I'm published every month. Since July 2007 I've been the writer of Diamond Comic Distributor's monthly catalog, PREVIEWS, and I write between 70 and 80 thousand words of sales and marketing copy for the catalog each month. The September catalog arrived in comic shops at the end of August, and (as I'm writing this) I'll be finishing up writing the October catalog within the coming week.
As for fiction, I'm currently working on a fantasy novel, but I have no timeframe for completion or destination once it's finished. This novel is actually related to the podcast that I plan on launching; the research for the novel's historical and mythical background led me to some interesting material that has been unjustly forgotten that I plan to explore in the podcast.
Also, if there's another ReDeus anthology, I brainstormed several ideas recently that I can pull out and pitch depending on what Bob Greenberger and Aaron Rosenberg are looking for.
What does Allyn Gibson do when he isn’t writing?
Sleep.
That sounds silly, but it's close to the truth. My day job is writing, and I write personally or freelance. I'm always writing. I might be at the keyboard. I might have a notepad. (A third of “The Ginger Kid” was written by hand.) I might be thinking about writing. Or I might be reading because of something I have to write. I'm never very far from words.
When I do take a break from the words, there are some things I like to do.
I love hiking. There's something very nice about disconnecting from the world and getting out into nature. There are some lovely areas near where I live. I don't totally disconnect from writing on these hikes, though; I often take a pocket notebook with me so I can jot down ideas that come to me. I also enjoy taking pictures of nature on these hikes. I used to post photo albums from these on Facebook, but I've realized that my friends probably don't need to see more of my nature photography.

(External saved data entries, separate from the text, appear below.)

Lemma supporting_cut_gap (D : set 'rV[R]_n) v x y a (r tau : R) :
  0 < r -> ball v r `<=` D -> 0 <= tau <= 1 ->
  W1 (v + tau *: (x - v)) D a -> dot a (y - (v + tau *: (x - v))) <= 0 ->
  (1 - tau) * r <= 2 * n%:R * `|x - y|.
Proof.
move=> r_gt0 vrD /andP[tau_ge0 tau_le1] [a1 a_supp] y_cut.
(* The cut at [v + (r/2) a], a point of [D], gives [r/2 <= tau <a, x - v>];
   the cut at [y] gives [(1 - tau) <a, x - v> <= <a, x - y>]. *)
set g := dot a (x - v).
have a_le1 : `|a| <= 1 by rewrite -a1 normr_le_enorm.
have inner_pt : D (v + (r / 2) *: a).
  apply: vrD; rewrite -ball_normE /ball_ /= opprD addNKr normrN normrZ.
  by rewrite gtr0_norm ?divr_gt0 //; nra.
have := a_supp _ inner_pt.
have -> : v + (r / 2) *: a - (v + tau *: (x - v)) = (r / 2) *: a - tau *: (x - v).
  by apply/rowP => j; rewrite !mxE; ring.
rewrite dotBr !dotZr enorm1_dot // -/g mulr1 => tau_g.
move: y_cut.
have -> : y - (v + tau *: (x - v)) = - (x - y) + (1 - tau) *: (x - v).
  by apply/rowP => j; rewrite !mxE; ring.
rewrite dotDr dotNr dotZr -/g => y_g.
have g_ge : r / 2 <= g.
  have g_gt0 : 0 < g by rewrite ltNge; apply/negP => g_le0; nra.
  nra.
have := dot_le_normr a (x - y).
have : n%:R * (`|a| * `|x - y|) <= n%:R * `|x - y|.
  by rewrite ler_wpM2l // ler_piMl.
nra.
Qed.

End EuclideanVectors.

Lemma cvgn_infty_ge (g : nat -> nat) : (forall j, (j <= g j)%N) -> g @ \oo --> \oo.
Proof. by move=> g_ge P [N _ PN]; exists N => // j /= Nj; apply/PN/(leq_trans Nj). Qed.

Section NormedLimits.
Context {R : realFieldType} {V : normedModType R}.

Lemma cvg0_norm_le (g : nat -> V) (e : nat -> R) :
  (forall j, `|g j| <= e j) -> e @ \oo --> 0 -> g @ \oo --> 0.
Proof.
move=> g_le e0; apply: norm_cvg0.
apply: (@squeeze_cvgr _ _ _ _ (fun=> 0) e) => //; last exact: cvg_cst.
by near=> j; rewrite normr_ge0 g_le.
Unshelve. all: by end_near.
Qed.

Lemma closed_radial_limit (D : set V) (v l : V) (x : nat -> V) (C : R) :
  closed D -> x @ \oo --> l ->
  (forall j, exists tau, 0 <= 1 - tau <= C * `|x j - x j.+1|
                         /\ D (v + tau *: (x j - v))) ->
  D l.
Proof.
move=> D_closed x_l /choice[tau tauP].
have xS_l : (fun j => x j.+1) @ \oo --> l.
  by rewrite -[X in X @ _ --> _]/[sequence x j.+1]_j cvg_shiftS.
have gap0 : (fun j => 1 - tau j) @ \oo --> (0 : R).
  apply: (@squeeze_cvgr _ _ _ _ (fun=> 0) (fun j => C * `|x j - x j.+1|)).
  - by near=> j; have [] := tauP j.
  - exact: cvg_cst.
  suff : (fun j => C * `|x j - x j.+1|) @ \oo --> C * `|l - l|.
    by rewrite subrr normr0 mulr0.
  by apply: cvgM; [exact: cvg_cst | apply: cvg_norm; apply: cvgB].
have tau1 : tau @ \oo --> (1 : R).
  have -> : tau = (fun j => 1 - (1 - tau j)) by apply/funext => j; rewrite subKr.
  by rewrite -[X in _ --> X](subr0 1); apply: cvgB => //; exact: cvg_cst.
suff : D (v + 1 *: (l - v)) by rewrite scale1r addrC subrK.
apply: (@closed_cvg _ _ \oo _ (fun j => v + tau j *: (x j - v)) D D_closed).
  by near=> j; have [] := tauP j.
apply: cvgD; first exact: cvg_cst.
by apply: cvgZ => //; apply: cvgB => //; exact: cvg_cst.
Unshelve. all: by end_near.
Qed.

End NormedLimits.

Lemma le0_of_le_mul_small (R : realFieldType) (d K : R) :
  (forall t, 0 < t -> t <= 1 -> d <= t * K) -> d <= 0.
Proof.
move=> dK; rewrite leNgt; apply/negP => d_gt0.
have den_gt0 : 0 < d + `|K| + 1 by rewrite -addrA ltr_wpDr.
set t := d / (d + `|K| + 1).
have t_gt0 : 0 < t by rewrite divr_gt0.
have t_le1 : t <= 1 by rewrite ler_pdivrMr // mul1r -addrA lerDl.
have tK : t * K <= t * `|K| by rewrite ler_pM2l // ler_norm.
have td : t * (d + `|K| + 1) = d by rewrite mulfVK // gt_eqF.
have := dK t t_gt0 t_le1; nra.
Qed.

Section ConvexEpigraph.
Context {R : realType} {n : nat}.
Variable f : 'rV[R]_n -> R.
Hypothesis f_convex : convex_fun f.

I'm a museum hound. DC and its museums are an easy day trip. Baltimore has some decent museums as well. When I was younger, I didn't appreciate the art museums, but now that I'm older art museums really appeal to me.
Besides coding my own website, I do some freelance WordPress design work.
I'm thinking of buying an electric guitar. There's an electric guitar in the sixth floor conference room at the office, and I keep going into the office just to pick it up, hold it, and pluck the strings. I don't know how to play the guitar, so if I bought one I'd have to learn. There are things I need in life before I need a guitar, and I keep telling myself that. But I know me, and I know there will come a point where I'll pull the trigger.
I really should buy a new bike before an electric guitar, though.